- _Problem details_
Nothing below is to be printed except the lines between the line holding "(N <= m)%N -> l2_norm (U m - l) < e." and the line holding "rewrite -ltr_sqr ?nnegrE", inclusive, each exactly as it appears.

-- Supplied records follows --

Lemma l2_cauchy_tail (l : S -> C) :
    (forall s (e : R), 0 < e -> exists N, forall m, (N <= m)%N -> sqnormc (U m s - l s) < e) ->
  forall d : R, 0 < d -> exists N, forall m, (N <= m)%N -> forall A : seq S, uniq A ->
    \sum_(s <- A) sqnormc (U m s - l s) <= 4 * d ^+ 2.
Proof.
move=> l_cvg d d0; have [N hN] := U_cauchy d0; exists N => m mN A uA.
(* Compare with a later [U k], chosen so that the tolerance [d^2 / (size A + 1)] holds on all of [A]. *)
pose eta := d ^+ 2 / (size A).+1%:R.
have eta0 : 0 < eta by rewrite divr_gt0 // exprn_gt0.
have [K hK] := eventually_all_in (fun s => l_cvg s eta eta0) A.
pose k := maxn N K.
have Uk_near_l : \sum_(s <- A) sqnormc (U k s - l s) <= d ^+ 2.
  apply: le_trans (_ : \sum_(s <- A) eta <= _).
    rewrite big_seq [leRHS]big_seq; apply: ler_sum => s sA.
    by apply/ltW/hK; rewrite ?leq_maxr.
  rewrite big_const_seq count_predT iter_addr addr0.
  apply: le_trans (ler_wpMn2l (ltW eta0) (leqnSn (size A))) _.
  by rewrite -mulr_natr divfK // pnatr_eq0.
have Um_near_Uk : \sum_(s <- A) sqnormc (U m s - U k s) <= d ^+ 2.
  apply: le_trans (sum_le_nnsum (l2_square_summable (U m - U k)) uA) _.
  rewrite -sqr_l2_norm; apply/ltW; rewrite ltr_sqr ?nnegrE ?l2_norm_ge0 ?ltW //.
  by apply: hN; rewrite ?leq_maxl.
apply: le_trans (_ : \sum_(s <- A) (2 * sqnormc (U m s - U k s) + 2 * sqnormc (U k s - l s)) <= _).
  by apply: ler_sum => s _; have := sqnormcD (U m s - U k s) (U k s - l s); rewrite addrA subrK.
by rewrite big_split /= -!mulr_sumr; lra.
Qed.

Lemma l2_complete : exists l : H, forall e : R, 0 < e -> exists N : nat, forall m : nat,
  (N <= m)%N -> l2_norm (U m - l) < e.
Proof.
have [l l_cvg] := l2_cauchy_pointwise_cvg.
have l_tail := l2_cauchy_tail l_cvg.
have l_sq : square_summable l.
  have [N hN] := l_tail 1 ltr01; have [M hM] := l2_square_summable (U N).
  exists (2 * M + 2 * (4 * 1 ^+ 2)) => A uA.
  apply: le_trans (_ : \sum_(s <- A) (2 * sqnormc (U N s) + 2 * sqnormc (U N s - l s)) <= _).
    apply: ler_sum => s _; have := sqnormcD (U N s) (l s - U N s).
    by rewrite addrC subrK -[sqnormc (l s - _)]sqnormcN opprB.
  by rewrite big_split /= -!mulr_sumr; have := hM A uA; have := hN N (leqnn N) A uA; lra.
exists (L2 l_sq) => e e0; have e3 : 0 < e / 3 by rewrite divr_gt0.
have [N hN] := l_tail _ e3; exists N => m mN.
rewrite -ltr_sqr ?nnegrE ?l2_norm_ge0 ?ltW // sqr_l2_norm.
apply: le_lt_trans (_ : 4 * (e / 3) ^+ 2 < _); first exact: nnsum_le (hN m mN).
by rewrite !expr2; nra.
Qed.

End L2Complete.

Lemma l2_is_hilbert (R : realType) (S : eqType) : is_hilbert (@l2_dot R S).
Proof.
split; [exact: l2_dot_linear | exact: l2_dotC | exact: l2_dot_gt0 | exact: l2_complete].
Qed.

(** * Hahn-Banach *)

Section HahnBanach.
Variables (R : realType) (X : lmodType R).
Implicit Types (q : X -> R) (x y : X).

Definition sublinear q :=
  (forall x y, q (x + y) <= q x + q y) /\ (forall (r : R) x, 0 < r -> q (r *: x) = r * q x).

-- Supplied records concluded --

- _Task answer_
  (N <= m)%N -> l2_norm (U m - l) < e.
Proof.
have [l l_cvg] := l2_cauchy_pointwise_cvg.
have l_tail := l2_cauchy_tail l_cvg.
have l_sq : square_summable l.
  have [N hN] := l_tail 1 ltr01; have [M hM] := l2_square_summable (U N).
  exists (2 * M + 2 * (4 * 1 ^+ 2)) => A uA.
  apply: le_trans (_ : \sum_(s <- A) (2 * sqnormc (U N s) + 2 * sqnormc (U N s - l s)) <= _).
    apply: ler_sum => s _; have := sqnormcD (U N s) (l s - U N s).
    by rewrite addrC subrK -[sqnormc (l s - _)]sqnormcN opprB.
  by rewrite big_split /= -!mulr_sumr; have := hM A uA; have := hN N (leqnn N) A uA; lra.
exists (L2 l_sq) => e e0; have e3 : 0 < e / 3 by rewrite divr_gt0.
have [N hN] := l_tail _ e3; exists N => m mN.
rewrite -ltr_sqr ?nnegrE ?l2_norm_ge0 ?ltW // sqr_l2_norm.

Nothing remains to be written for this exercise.